30 March 2024

FBT compliance work proves costly for employers
13 December 2009

A recent case at the Administrative
Appeals Tribunal (AAT) meant an
employer had to pay $87,739 plus
penalties and interest.
The case involved a company employer and employee
director. The employer did not lodge a fringe benefits tax
(FBT) return for a number of years. An audit of the company
discovered a car fringe benefit liability.
The employer was not aware that:
■ cars garaged near an employee’s home are available for
the employee’s private use
■ a logbook year commonly occurs when you use the
operating cost method for the first time.
If a car is garaged at or near an employee’s home, the
FBT law says it is available for the employee’s private use,
regardless of whether the employee has permission to use
the car privately.
It is very important to keep accurate and up-to-date log books.

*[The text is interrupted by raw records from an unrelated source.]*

(* Let $K$ be a field, $R$ a connected $\mathbb N$-graded $K$-algebra, and let $A$ be a graded trimmed right double Ore extension of $R$, with generators $x_1,x_2$, relation $x_2x_1=p_{12}x_1x_2+p_{11}x_1^2$ ($p_{12},p_{11}\in K$) and $x_ir=\sigma_{i1}(r)x_1+\sigma_{i2}(r)x_2$ for $r\in R$, $i=1,2$. Then $A$ is a graded quasi-commutative skew PBW extension of $R$ (in $x_1,x_2$) if and only if $p_{12}\ne0$, $p_{11}=0$, $\sigma_{11},\sigma_{22}$ are automorphisms of $R$, and $\sigma_{12}(r)=\sigma_{21}(r)=0$ for all $r\in R$.
   Context: A graded algebra is connected if its degree-zero part is $K$. A $K$-algebra $B\supseteq R$ is a right double Ore extension of $R$ if it is generated by $R$ and $x_1,x_2$; $x_2x_1=p_{12}x_1x_2+p_{11}x_1^2+\tau_1x_1+\tau_2x_2+\tau_0$ with $p_{12},p_{11}\in K$, $\tau_i\in R$; $B$ is a free left $R$-module with basis $\{x_1^ax_2^b\}$; $x_1R+x_2R\subseteq Rx_1+Rx_2+R$; write $x_ir=\sigma_{i1}(r)x_1+\sigma_{i2}(r)x_2+\delta_i(r)$. It is trimmed if $\delta_1=\delta_2=0$ and $\tau_0=\tau_1=\tau_2=0$; graded if all relations are homogeneous with $\deg x_1=\deg x_2=1$. A ring $A$ is a skew PBW extension of $R$ in $x_1,\dots,x_n$ if $R\subseteq A$; $A$ is a free left $R$-module on the monomials $x_1^{\alpha_1}\cdots x_n^{\alpha_n}$; for each $i$ and $r\ne0$ there is $c_{i,r}\in R\setminus\{0\}$ with $x_ir-c_{i,r}x_i\in R$; for all $i,j$ there is $c_{i,j}\in R\setminus\{0\}$ with $x_jx_i-c_{i,j}x_ix_j\in R+Rx_1+\cdots+Rx_n$; then $x_ir=\sigma_i(r)x_i+\delta_i(r)$ with $\sigma_i$ an injective endomorphism. It is quasi-commutative if $x_ir=c_{i,r}x_i$ and $x_jx_i=c_{i,j}x_ix_j$; bijective if all $\sigma_i$ are bijective and $c_{i,j}$ invertible; graded if bijective, $R$ $\mathbb N$-graded, $\sigma_i$ graded, $\delta_i(R_m)\subseteq R_{m+1}$, and $x_jx_i-c_{i,j}x_ix_j\in R_2+R_1x_1+\cdots+R_1x_n$ with $c_{i,j}\in R_0$. *)

From HB Require Import structures.
From mathcomp Require Import all_boot all_order all_algebra.
Set Implicit Arguments. Unset Strict Implicit. Unset Printing Implicit Defensive.
Import GRing.Theory.
Local Open Scope ring_scope.

Section Defs.
Variables (K : fieldType) (A : algType K).

Record subalgebra (R : {pred A}) : Prop := {
  sub1 : 1 \in R;
  subD : forall r s, r \in R -> s \in R -> r + s \in R;
  subN : forall r, r \in R -> - r \in R;
  subM : forall r s, r \in R -> s \in R -> r * s \in R;
  subZ : forall (k : K) r, r \in R -> k *: r \in R }.

Record connected_graded (R : {pred A}) (Rg : nat -> {pred A}) : Prop := {
  cg_sub : forall n r, r \in Rg n -> r \in R;
  cg_0 : forall n, 0 \in Rg n;
  cg_D : forall n r s, r \in Rg n -> s \in Rg n -> r + s \in Rg n;
  cg_Z : forall n (k : K) r, r \in Rg n -> k *: r \in Rg n;
  cg_M : forall m n r s, r \in Rg m -> s \in Rg n -> r * s \in Rg (m + n);
  cg_1 : 1 \in Rg 0;
  cg_span : forall r, r \in R -> exists (N : nat) (f : nat -> A),
      (forall n, f n \in Rg n) /\ r = \sum_(n < N) f n;
  cg_direct : forall (N : nat) (f : nat -> A), (forall n, f n \in Rg n) ->
      \sum_(n < N) f n = 0 -> forall n, (n < N)%N -> f n = 0;
  cg_conn : forall r, r \in Rg 0%N -> exists k : K, r = k%:A }.

Definition mono (n : nat) (x : 'I_n -> A) (a : {ffun 'I_n -> nat}) : A :=
  \prod_(i < n) x i ^+ a i.

Definition left_monomial_basis (R : {pred A}) (n : nat) (x : 'I_n -> A) : Prop :=
  (forall f : A, exists (s : seq {ffun 'I_n -> nat}) (c : {ffun 'I_n -> nat} -> A),
      (forall a, c a \in R) /\ f = \sum_(a <- s) c a * mono x a) /\
  (forall (s : seq {ffun 'I_n -> nat}) (c : {ffun 'I_n -> nat} -> A),
      uniq s -> (forall a, c a \in R) ->
      \sum_(a <- s) c a * mono x a = 0 -> forall a, a \in s -> c a = 0).

Definition in_lin (P0 P1 : {pred A}) (n : nat) (x : 'I_n -> A) (v : A) : Prop :=
  exists (r0 : A) (r : 'I_n -> A), r0 \in P0 /\ (forall k, r k \in P1) /\
    v = r0 + \sum_(k < n) r k * x k.

Record skew_PBW (R : {pred A}) (n : nat) (x : 'I_n -> A) : Prop := {
  spbw_basis : left_monomial_basis R x;
  spbw_ore : forall i r, r \in R -> r != 0 ->
      exists c, [/\ c \in R, c != 0 & x i * r - c * x i \in R];
  spbw_comm : forall i j, exists c, [/\ c \in R, c != 0 &
      in_lin R R x (x j * x i - c * x i * x j)] }.
(* Let $E/\mathbb{Q}$ be given by the model $y^2=x^3+Ax+B$ ($A,B\in\mathbb{Z}$) described in the context and $X=\max\{|A|^3,|B|^2\}$. Let $P,Q\in E(\mathbb{Q})$ satisfy $X^{1/6}\le x(P)<x(Q)$ and $x(P)=x_1/s$, $x(Q)=x_2/s$ with $x_1,x_2\in\mathbb{Z}$ and $s$ a positive integer. Then $h(P+Q)\le h(P)+2h(Q)+3h(s)+2.9$.
   Context: The model is obtained from a global minimal Weierstrass equation of $E$ by the substitution $x\mapsto \frac{1}{36}(x-3b_2)$, $y\mapsto \frac12(\frac{y}{108}-\frac{a_1}{36}(x-3b_2)-a_3)$. $h$ is the absolute logarithmic Weil height (so $h(s)=\log s$) and $h(P)=h(x(P))$. *)

From Stdlib Require Import ZArith QArith Qreduction Reals.
Open Scope Z_scope.

(** Weierstrass invariants of a general (long) Weierstrass equation
    y^2 + a1 xy + a3 y = x^3 + a2 x^2 + a4 x + a6 with integer coefficients. *)
Definition wb2 (a1 a2 a3 a4 a6 : Z) : Z := a1^2 + 4*a2.
Definition wb4 (a1 a2 a3 a4 a6 : Z) : Z := 2*a4 + a1*a3.
Definition wb6 (a1 a2 a3 a4 a6 : Z) : Z := a3^2 + 4*a6.
Definition wb8 (a1 a2 a3 a4 a6 : Z) : Z :=
  a1^2*a6 + 4*a2*a6 - a1*a3*a4 + a2*a3^2 - a4^2.
Definition wc4 (a1 a2 a3 a4 a6 : Z) : Z :=
  let b2 := wb2 a1 a2 a3 a4 a6 in let b4 := wb4 a1 a2 a3 a4 a6 in
  b2^2 - 24*b4.
Definition wc6 (a1 a2 a3 a4 a6 : Z) : Z :=
  let b2 := wb2 a1 a2 a3 a4 a6 in let b4 := wb4 a1 a2 a3 a4 a6 in
  let b6 := wb6 a1 a2 a3 a4 a6 in
  - b2^3 + 36*b2*b4 - 216*b6.
Definition wdisc (a1 a2 a3 a4 a6 : Z) : Z :=
  let b2 := wb2 a1 a2 a3 a4 a6 in let b4 := wb4 a1 a2 a3 a4 a6 in
  let b6 := wb6 a1 a2 a3 a4 a6 in let b8 := wb8 a1 a2 a3 a4 a6 in
  - b2^2*b8 - 8*b4^3 - 27*b6^2 + 9*b2*b4*b6.

(** The standard change of variables x = u^2 x' + r, y = u^3 y' + s u^2 x' + t
    takes the equation with coefficients a_i to the one with coefficients a_i'. *)
Definition wiso (a1 a2 a3 a4 a6 a1' a2' a3' a4' a6' : Z) (u r s t : Q) : Prop :=
  ~ (u == 0)%Q /\
  (u * inject_Z a1' == inject_Z a1 + 2*s)%Q /\
  (u^2 * inject_Z a2' == inject_Z a2 - s * inject_Z a1 + 3*r - s^2)%Q /\
  (u^3 * inject_Z a3' == inject_Z a3 + r * inject_Z a1 + 2*t)%Q /\
  (u^4 * inject_Z a4' == inject_Z a4 - s * inject_Z a3 + 2*r*inject_Z a2
                         - (t + r*s) * inject_Z a1 + 3*r^2 - 2*s*t)%Q /\
  (u^6 * inject_Z a6' == inject_Z a6 + r * inject_Z a4 + r^2 * inject_Z a2 + r^3
                         - t * inject_Z a3 - t^2 - r*t*inject_Z a1)%Q.

Definition global_minimal (a1 a2 a3 a4 a6 : Z) : Prop :=
  wdisc a1 a2 a3 a4 a6 <> 0 /\
  forall (a1' a2' a3' a4' a6' : Z) (u r s t : Q),
    wiso a1 a2 a3 a4 a6 a1' a2' a3' a4' a6' u r s t ->
    Z.abs (wdisc a1 a2 a3 a4 a6) <= Z.abs (wdisc a1' a2' a3' a4' a6').

(** The short model obtained by x |-> (x - 3 b2)/36,
    y |-> (y/108 - a1 (x - 3 b2)/36 - a3)/2 is y^2 = x^3 - 27 c4 x - 54 c6. *)
Definition shortA (a1 a2 a3 a4 a6 : Z) : Z := -27 * wc4 a1 a2 a3 a4 a6.
Definition shortB (a1 a2 a3 a4 a6 : Z) : Z := -54 * wc6 a1 a2 a3 a4 a6.

Inductive pt : Type := Inf | Aff (x y : Q).

Definition on_curve (A B : Z) (P : pt) : Prop :=
  match P with
  | Inf => True
  | Aff x y => (y^2 == x^3 + inject_Z A * x + inject_Z B)%Q
  end.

The ATO is continuing to check car benefits through data
matching and compliance verification.
When they review employers’ practices, the average liability
per case is around $77,000 with an associated general
interest charge of over $19,000.
When they escalate cases and issue assessments, additional
penalties average over $38,000 per case.
What this means for you
If you don’t meet their FBT obligations, you may
receive a default assessment and associated penalties.
Lodging an FBT return late is better than getting caught not
correctly accounting for FBT.
If you voluntarily disclose an FBT mistake before the ATO
contacts you, you minimise penalties, although the general
interest charge (GIC) will normally apply.